PFAS were used in a plethora of household products, such as nonstick pans and raincoats. They were also used in firefighting foams that were frequently used at airports.
People living on French Island near the La Crosse Regional Airport have had their drinking water contaminated to such a degree that the state is now shipping bottled water to the neighborhood.
The referendum questions are one of the few ways available to voters to push Republicans to take action given that legislative districts are so gerrymandered as to make elections in many districts almost predetermined.

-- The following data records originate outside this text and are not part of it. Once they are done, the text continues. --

(* Let $N\ge2$, $b_1,\dots,b_N\in\{0,1\}$ with $b_N=1$ and $\sum_j b_j2^{N-j}>1$, and let $\rho$ be the largest real root of $x^N-\sum_{j=1}^N b_jx^{N-j}$, so $1=\sum_{k=1}^N b_k\rho^{-k}$. Let $I_k=[0,\rho^{-k}]$, $1\le k\le N$. In dimension $1$, $\rho I_1=[0,1]$ is partitioned into the intervals $I_k$ with $b_k=1$ placed edge to edge, and $\rho I_k=I_{k-1}$ for $2\le k\le N$. For $d\ge1$, let the tiles be the boxes $I_{k_1}\times\cdots\times I_{k_d}$ (and their copies), and decompose each inflated box $\rho(I_{k_1}\times\cdots\times I_{k_d})=\rho I_{k_1}\times\cdots\times\rho I_{k_d}$ as the cartesian product of the one-dimensional decompositions of the factors. Then the tessellations of $\mathbb{R}^d$ constructed by inflation from these decompositions are aperiodic (not periodic).
   Context: Sets are essentially disjoint if their intersection has Lebesgue measure $0$. A tessellation of $\mathbb{R}^d$ is a covering by pairwise essentially disjoint tiles of finitely many types; constructing by inflation means iterating the decomposition of the inflated tiles $\rho^n R$ to cover increasing regions of $\mathbb{R}^d$. A tessellation is periodic if it is invariant under translation by a lattice (a discrete additive subgroup of rank $d$) of $\mathbb{R}^d$. *)

From HB Require Import structures.
From mathcomp Require Import all_boot all_order all_algebra.
From mathcomp Require Import reals.
Set Implicit Arguments. Unset Strict Implicit. Unset Printing Implicit Defensive.
Import Order.TTheory GRing.Theory Num.Theory.
Local Open Scope ring_scope.

(* The polynomial x^N - sum_{j=1}^N b_j x^(N-j); b is 1-indexed (b j = b_j). *)
Definition inflation_poly (R : realFieldType) (N : nat) (b : nat -> bool) : {poly R} :=
  'X^N - \sum_(1 <= j < N.+1) (b j)%:R *: 'X^(N - j).

(* A (labelled) tile in R^d: a type t (t i = k_i in {1..N}, the box being
   I_{k_1} x ... x I_{k_d}) and a translation vector x (its lower corner). *)
Definition tile (R : Type) (d : nat) := (('I_d -> nat) * ('I_d -> R))%type.

Definition tile_support (R : realFieldType) (d : nat) (rho : R) (T : tile R d)
  (y : 'I_d -> R) : Prop :=
  forall i, T.2 i <= y i <= T.2 i + rho ^- (T.1 i).

(* Position of I_j inside rho I_1 = [0,1]: the I_k with b_k = 1 placed edge to
   edge in increasing order of k, starting at 0. *)
Definition offset1 (R : realFieldType) (b : nat -> bool) (rho : R) (j : nat) : R :=
  \sum_(1 <= i < j) (b i)%:R * rho ^- i.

“(The proposal) was passed unanimously by the Groundwater Advisory, Parks and Forest, and Administration Committees,” said Eau Claire County District 10 Supervisor Nancy Coffey. “Passing this county resolution will show elected officials and stakeholders that clean water must be addressed.”
The Wisconsin Department of Natural Resources (DNR) is currently considering a series of regulations designed to limit the amount of PFAS in drinking water. The department’s governing board voted to approve the first of the measures at a meeting on Wednesday.
Republicans in the Legislature have previously blocked PFAS regulations from taking effect. It remains to be seen if they will allow the new slate of controls.
Clean drinking water in Wisconsin is also threatened by aging lead pipes in many communities and nitrate contamination predominately in rural areas.
Similar referenda passed overwhelmingly in Marquette, Portage, and Wood counties during the spring 2021 election.The questions will go before voters on April 5.